_Instructions for the task_
Starting with the line containing "compact_metric_borel distY ->" and going on through the line containing "admissible_kernel distX inv", return the lines of the data below exactly, and only those.

----------

(* Let $K$ be an admissible kernel on $X\times Y$. Then the invariant measure $m_Y$ satisfies $$\inf_{\mu\in\mathcal{M}(Y)}\sup_{x\in X}U_K^\mu(x)=\sup_{x\in X}U_K^{m_Y}(x),$$ i.e. $m_Y$ minimizes $\mu\mapsto\sup_{x\in X}\int_Y K(x,y)\,d\mu(y)$ over $\mathcal{M}(Y)$.
   Context: $(X,d_X)$ and $(Y,d_Y)$ are compact metric spaces and $G$ is a compact topological group acting isometrically and transitively on both $X$ and $Y$. $\mathcal{M}(Y)$ is the set of Borel probability measures on $Y$; $m_X$ and $m_Y$ denote the unique $G$-invariant Radon (Borel) probability measures on $X$ and $Y$. A Borel measurable $K:X\times Y\to\mathbb{R}\cup\{-\infty\}$ is an admissible kernel if: (i) there is $B_K\in[0,\infty)$ with $-\infty\le K(x,y)\le B_K$ for all $x,y$; (ii) $\int_X|K(x,y)|\,dm_X(x)<\infty$ for every $y\in Y$; (iii) for every $y$, $K(\cdot,y)$ is upper semi-continuous; (iv) $K(g(x),y)=K(x,g^{-1}(y))$ for all $g\in G,x\in X,y\in Y$. For $\mu\in\mathcal{M}(Y)$, $U_K^\mu(x)=\int_Y K(x,y)\,d\mu(y)$. *)

From HB Require Import structures.
From mathcomp Require Import all_boot all_order all_algebra.
From mathcomp Require Import all_classical all_reals all_analysis measurable_realfun.
Set Implicit Arguments. Unset Strict Implicit. Unset Printing Implicit Defensive.
Import Order.TTheory GRing.Theory Num.Theory.
Local Open Scope classical_set_scope.
Local Open Scope ring_scope.

Definition is_metric (R : realType) (T : Type) (dist : T -> T -> R) : Prop :=
  (forall x y, 0 <= dist x y) /\
  (forall x y, dist x y = 0 <-> x = y) /\
  (forall x y, dist x y = dist y x) /\
  (forall x y z, dist x z <= dist x y + dist y z).

Definition dopen (R : realType) (T : Type) (dist : T -> T -> R) (A : set T) : Prop :=
  forall x, A x -> exists2 e : R, 0 < e & forall z, dist x z < e -> A z.

Definition dcompact (R : realType) (T : Type) (dist : T -> T -> R) : Prop :=
  forall F : set (set T), (forall A, F A -> dopen dist A) ->
    [set: T] `<=` \bigcup_(A in F) A ->
    exists s : seq (set T), (forall A, A \in s -> F A) /\
      [set: T] `<=` \bigcup_(A in [set A | A \in s]) A.

Definition compact_metric_borel (R : realType) (d : measure_display)
  (T : measurableType d) (dist : T -> T -> R) : Prop :=
  [/\ is_metric dist, dcompact dist &
      (@measurable d T) = <<s [set A | dopen dist A] >>].

Definition compact_topological_group (G : topologicalType)
  (mul : G -> G -> G) (inv : G -> G) (one : G) : Prop :=
  [/\ (forall a b c, mul a (mul b c) = mul (mul a b) c),
      (forall a, mul one a = a /\ mul a one = a),
      (forall a, mul (inv a) a = one /\ mul a (inv a) = one),
      (continuous (fun p : G * G => mul p.1 p.2) /\ continuous inv) &
      compact [set: G]].

Definition isometric_transitive_action (R : realType) (G : topologicalType)
  (mul : G -> G -> G) (one : G) (T : Type) (dist : T -> T -> R)
  (act : G -> T -> T) : Prop :=
  [/\ (forall x, act one x = x),
      (forall g h x, act (mul g h) x = act g (act h x)),
      (forall x, forall g0 : G, forall e : R, 0 < e ->
          \forall g \near g0, dist (act g x) (act g0 x) < e),
      (forall g x y, dist (act g x) (act g y) = dist x y) &
      (forall x y, exists g, act g x = y)].

Definition invariant_measure (R : realType) (d : measure_display)
  (T : measurableType d) (G : Type) (act : G -> T -> T)
  (m : probability T R) : Prop :=
  forall g A, measurable A -> m (act g @^-1` A) = m A.

Definition usc (R : realType) (T : Type) (dist : T -> T -> R)
  (f : T -> \bar R) : Prop :=
  forall x0 (t : R), (f x0 < t%:E)%E ->
    exists2 delta : R, 0 < delta & forall x, dist x x0 < delta -> (f x < t%:E)%E.

Definition admissible_kernel (R : realType) (dX dY : measure_display)
  (X : measurableType dX) (Y : measurableType dY)
  (distX : X -> X -> R) (G : Type) (inv : G -> G)
  (actX : G -> X -> X) (actY : G -> Y -> Y) (mX : probability X R)
  (K : X -> Y -> \bar R) : Prop :=
  [/\ measurable_fun [set: X * Y] (fun p : X * Y => K p.1 p.2),
      (exists2 B : R, 0 <= B & forall x y, (K x y <= B%:E)%E),
      (forall y, (\int[mX]_x `|K x y| < +oo)%E),
      (forall y, usc distX (fun x => K x y)) &
      (forall g x y, K (actX g x) y = K x (actY (inv g) y))].

Definition potential (R : realType) (dY : measure_display)
  (X : Type) (Y : measurableType dY) (K : X -> Y -> \bar R)
  (mu : probability Y R) (x : X) : \bar R :=
  (\int[mu]_y K x y)%E.

From HB Require Import structures.
From mathcomp Require Import all_boot all_order all_algebra.
From mathcomp Require Import all_classical all_reals all_analysis measurable_realfun.
Import Order.TTheory GRing.Theory Num.Theory.
Local Open Scope classical_set_scope.
Local Open Scope ring_scope.

(* Write [K = B - F] with [F >= 0] and [V_mu x := \int[mu] F x].  By Tonelli,
   [\int[mX] V_mu = \int[mu] (y |-> \int[mX]_x F x y)], and the inner integral does
   not depend on [y] (transitivity on [Y], invariance of [mX]); so every [V_mu]
   has the same mean [w] over [X].  Transitivity on [X] and invariance of [mY]
   make [V_mY] constant, hence equal to [w].  Thus
   [sup U_mu = B - inf V_mu >= B - w = sup U_mY]. *)

Section probability_integral.
Context {R : realType} {d : measure_display} {T : measurableType d}.
Variable P : probability T R.
Local Open Scope ereal_scope.

Lemma probability_setT_neq0 : [set: T] != set0.
Proof.
apply/eqP => T0; have := probability_setT P.
by rewrite T0 measure0 => /eqP; rewrite eq_sym onee_eq0.
Qed.

Lemma integral_cst_probability (r : \bar R) : \int[P]_x cst r x = r.
Proof. by rewrite integral_cst// [X in (_ * X)%E]probability_setT mule1. Qed.

Lemma ereal_inf_le_integral (f : T -> \bar R) :
  measurable_fun setT f -> (forall x, 0 <= f x) ->
  ereal_inf (range f) <= \int[P]_x f x.
Proof.
move=> mf f0; have inf0 : 0 <= ereal_inf (range f).
  by apply: le_ereal_inf_tmp => _ [x _ <-].
rewrite -[leLHS]integral_cst_probability.
by apply: ge0_le_integral => // x _; apply: ereal_inf_lbound; exists x.
Qed.

Lemma integral_EFinB_ge0 (B : R) (f : T -> \bar R) :
  measurable_fun setT f -> (forall x, 0 <= f x) ->
  \int[P]_x (B%:E - f x) = B%:E - \int[P]_x f x.
Proof.
move=> mf f0.
have [If_fin|] := ltP (\int[P]_x f x) +oo.
  have If : P.-integrable setT f.
    by apply/integrableP; split=> //; under eq_integral do rewrite gee0_abs//.
  have IB := finite_measure_integrable_cst P B measurableT.
  rewrite -[LHS]/(\int[P]_x ((EFin \o cst B) \- f) x).
  by rewrite integralB// (integral_cst_probability B%:E).
rewrite leye_eq => /eqP If_oo; rewrite If_oo addeNy integralE.
set g := fun x => B%:E - f x.
have mg : measurable_fun setT g by apply: emeasurable_funB.
suff -> : \int[P]_x g^\- x = +oo by rewrite addeNy.
(* [f <= g^- + B^+], and [f] has infinite integral *)
have B0 : 0 <= (Num.max B 0%R)%:E by rewrite lee_fin le_max lexx orbT.
have : +oo <= \int[P]_x g^\- x + (Num.max B 0%R)%:E.
  rewrite -If_oo -[X in _ + X](integral_cst_probability) -ge0_integralD//;
    last exact: measurable_funeneg.
  apply: ge0_le_integral => //.
  - by apply: emeasurable_funD => //; exact: measurable_funeneg.
  - move=> x _; rewrite funenegE /g; case: (f x) (f0 x) => [r r0|_|//]; last by [].
    rewrite -EFinB -EFinN -EFin_max -EFinD lee_fin.
    apply: (@le_trans _ _ (- (B - r) + B)%R); first by rewrite opprB subrK.
    by rewrite lerD// le_max lexx.
by case: (\int[P]_x g^\- x).
Qed.

End probability_integral.

Lemma EFinB_ereal_inf_le_sup {R : realType} {T : Type} (B : R) (f : T -> \bar R) :
  (B%:E - ereal_inf (range f) <= ereal_sup (range (fun x => B%:E - f x)))%E.
Proof.
rewrite -leeBrDl// -ereal_supN; apply: ge_ereal_sup => _ [_ [x _ <-] <-].
by rewrite leeBrDl//; apply: ereal_sup_ubound; exists x.
Qed.

Lemma isometry_measurable {R : realType} {d : measure_display}
  {T : measurableType d} (dist : T -> T -> R) (phi : T -> T) :
  measurable = <<s [set A | dopen dist A] >> ->
  (forall x y, dist (phi x) (phi y) = dist x y) -> measurable_fun setT phi.
Proof.
move=> borel phi_iso; apply: (measurability _ borel).
move=> _ [A oA <-]; rewrite setTI borel; apply: sub_sigma_algebra.
move=> x /= Ax; have [e e0 He] := oA _ Ax.
by exists e => // z; rewrite -(phi_iso x z) => /He.
Qed.

Lemma ge0_integral_measure_preserving {R : realType} {d : measure_display}
  {T : measurableType d} (mu : measure T R) (phi : T -> T) (f : T -> \bar R) :
  (forall A, measurable A -> mu (phi @^-1` A) = mu A) ->
  measurable_fun setT phi -> measurable_fun setT f -> (forall x, 0 <= f x)%E ->
  (\int[mu]_x f (phi x) = \int[mu]_x f x)%E.
Proof.
move=> mu_phi mphi mf f0.
rewrite -[LHS]/(\int[mu]_(x in phi @^-1` setT) (f \o phi) x)%E.
rewrite -ge0_integral_pushforward//; apply: eq_measure_integral => A mA _.
exact: mu_phi.
Qed.

Lemma compact_topological_group_invK (G : topologicalType)
  (mul : G -> G -> G) (inv : G -> G) (one : G) :
  compact_topological_group mul inv one -> involutive inv.
Proof.
move=> [mulA mul1 mulV _ _] a.
by rewrite -[RHS](mul1 a).1 -(mulV (inv a)).1 -mulA (mulV a).1 (mul1 _).2.
Qed.

Section equivariant_kernel.
Context {R : realType} {dX dY : measure_display}.
Context {X : measurableType dX} {Y : measurableType dY} {G : Type}.
Context {inv : G -> G} {actX : G -> X -> X} {actY : G -> Y -> Y}.
Context {mX : probability X R} {mY : probability Y R} {F : X -> Y -> \bar R}.
Hypothesis invK : involutive inv.
Hypothesis actX_measurable : forall g, measurable_fun setT (actX g).
Hypothesis actY_measurable : forall g, measurable_fun setT (actY g).
Hypothesis actX_transitive : forall x x', exists g, actX g x = x'.
Hypothesis actY_transitive : forall y y', exists g, actY g y = y'.
Hypothesis mX_invariant : invariant_measure actX mX.
Hypothesis mY_invariant : invariant_measure actY mY.
Hypothesis F_measurable : measurable_fun setT (fun p : X * Y => F p.1 p.2).
Hypothesis F_ge0 : forall x y, (0 <= F x y)%E.
Hypothesis F_equivariant : forall g x y, F (actX g x) y = F x (actY (inv g) y).
Local Open Scope ereal_scope.

Let F_ge0_pair (p : X * Y) : 0 <= F p.1 p.2. Proof. exact: F_ge0. Qed.

Let measurable_F x : measurable_fun setT (F x).
Proof. exact: measurableT_comp F_measurable (pair1_measurable x). Qed.

Let measurable_F' y : measurable_fun setT (F^~ y).
Proof. exact: measurableT_comp F_measurable (pair2_measurable y). Qed.

Lemma integralX_kernel_const y y' : \int[mX]_x F x y = \int[mX]_x F x y'.
Proof.
have [g <-] := actY_transitive y y'.
under [RHS]eq_integral => x _ do rewrite -[g in actY g](invK g) -F_equivariant.
symmetry; exact: (ge0_integral_measure_preserving _ _ (F^~ y) (mX_invariant (inv g))).
Qed.

Lemma integralY_kernel_const x x' : \int[mY]_y F x y = \int[mY]_y F x' y.
Proof.
have [g <-] := actX_transitive x x'.
under [RHS]eq_integral => y _ do rewrite F_equivariant.
symmetry; exact: (ge0_integral_measure_preserving _ _ (F x) (mY_invariant (inv g))).
Qed.

Lemma integralX_integral_kernel (mu : probability Y R) y :
  \int[mX]_x \int[mu]_y' F x y' = \int[mX]_x F x y.
Proof.
rewrite (fubini_tonelli (fun p => F p.1 p.2) F_measurable F_ge0_pair) /=.
under eq_integral => y' _ do rewrite (integralX_kernel_const y' y).
exact: integral_cst_probability.
Qed.

Lemma integralX_integral_kernel_invariant (mu : probability Y R) x :
  \int[mX]_x' \int[mu]_y F x' y = \int[mY]_y F x y.
Proof.
have /set0P[y _] := probability_setT_neq0 mY.
rewrite (integralX_integral_kernel mu y) -(integralX_integral_kernel mY y).
under eq_integral => x' _ do rewrite (integralY_kernel_const x' x).
exact: integral_cst_probability.
Qed.

(* the infimum over [X] of [x' |-> \int[mu] F x'] is at most its mean, which is
   the constant [x |-> \int[mY] F x] *)
Lemma EFinB_integral_invariant_le_sup (B : R) (mu : probability Y R) x :
  B%:E - \int[mY]_y F x y <= ereal_sup (range (fun x' => B%:E - \int[mu]_y F x' y)).
Proof.
rewrite -(integralX_integral_kernel_invariant mu x).
apply: le_trans (EFinB_ereal_inf_le_sup _ _); apply: leeB => //.
apply: ereal_inf_le_integral => [|x']; last exact: integral_ge0.
exact: measurable_fun_fubini_tonelli_F F_measurable F_ge0_pair.
Qed.

End equivariant_kernel.

Lemma potential_EFinB {R : realType} {dY : measure_display} {X : Type}
  {Y : measurableType dY} (K : X -> Y -> \bar R) (B : R) (mu : probability Y R) x :
  measurable_fun setT (K x) -> (forall y, K x y <= B%:E)%E ->
  potential K mu x = (B%:E - \int[mu]_y (B%:E - K x y))%E.
Proof.
move=> mK KB; rewrite -integral_EFinB_ge0//; last first.
- by move=> y; rewrite sube_ge0 ?KB ?orbT.
- exact: emeasurable_funB.
apply: eq_integral => y _; have := KB y.
by case: (K x y) => [r||]//= _; rewrite -EFinD opprB addrC subrK.
Qed.

Theorem corollary4p8 (R : realType) (dX dY : measure_display)
  (X : measurableType dX) (Y : measurableType dY)
  (distX : X -> X -> R) (distY : Y -> Y -> R)
  (G : topologicalType) (mul : G -> G -> G) (inv : G -> G) (one : G)
  (actX : G -> X -> X) (actY : G -> Y -> Y)
  (mX : probability X R) (mY : probability Y R)
  (K : X -> Y -> \bar R) :
  compact_metric_borel distX ->
  compact_metric_borel distY ->
  compact_topological_group mul inv one ->
  isometric_transitive_action mul one distX actX ->
  isometric_transitive_action mul one distY actY ->
  invariant_measure actX mX ->
  invariant_measure actY mY ->
  admissible_kernel distX inv actX actY mX K ->
  ereal_inf [set ereal_sup (range (potential K mu)) | mu in [set: probability Y R]]
  = ereal_sup (range (potential K mY)).
Proof.
move=> [_ _ borelX] [_ _ borelY] /compact_topological_group_invK invK
  [_ _ _ isoX transX] [_ _ _ isoY transY] mX_inv mY_inv [mK [B _ KB] _ _ K_equiv].
have mactX g := isometry_measurable _ _ borelX (isoX g).
have mactY g := isometry_measurable _ _ borelY (isoY g).
have mKx x : measurable_fun setT (K x) := measurableT_comp mK (pair1_measurable x).
have UE mu x := potential_EFinB K B mu x (mKx x) (KB x).
pose F x y : \bar R := (B%:E - K x y)%E.
have F_ge0 x y : (0 <= F x y)%E by rewrite sube_ge0 ?KB ?orbT.
have mF : measurable_fun setT (fun p : X * Y => F p.1 p.2) by exact: emeasurable_funB.
have F_equiv g x y : F (actX g x) y = F x (actY (inv g) y) by rewrite /F K_equiv.
have /set0P[x0 _] := probability_setT_neq0 mX.
have UmY_cst : potential K mY = cst (B%:E - \int[mY]_y F x0 y)%E.
  apply/funext => x; rewrite UE.
  by rewrite (integralY_kernel_const mactY transX mY_inv mF F_ge0 F_equiv x x0).
have sup_UmY : ereal_sup (range (potential K mY)) = (B%:E - \int[mY]_y F x0 y)%E.
  rewrite UmY_cst; exact/ereal_sup_cst/(probability_setT_neq0 mX).
apply/eqP; rewrite eq_le; apply/andP; split.
  by apply: ereal_inf_lbound; exists mY.
rewrite sup_UmY.
apply: le_ereal_inf_tmp => _ [mu _ <-].
have -> : potential K mu = fun x => (B%:E - \int[mu]_y F x y)%E.
  by apply/funext => x; exact: UE.
exact: (EFinB_integral_invariant_le_sup invK mactX mactY transX transY mX_inv mY_inv
  mF F_ge0 F_equiv).
Qed.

----------

_Task solution_
  compact_metric_borel distY ->
  compact_topological_group mul inv one ->
  isometric_transitive_action mul one distX actX ->
  isometric_transitive_action mul one distY actY ->
  invariant_measure actX mX ->
  invariant_measure actY mY ->
  admissible_kernel distX inv actX actY mX K ->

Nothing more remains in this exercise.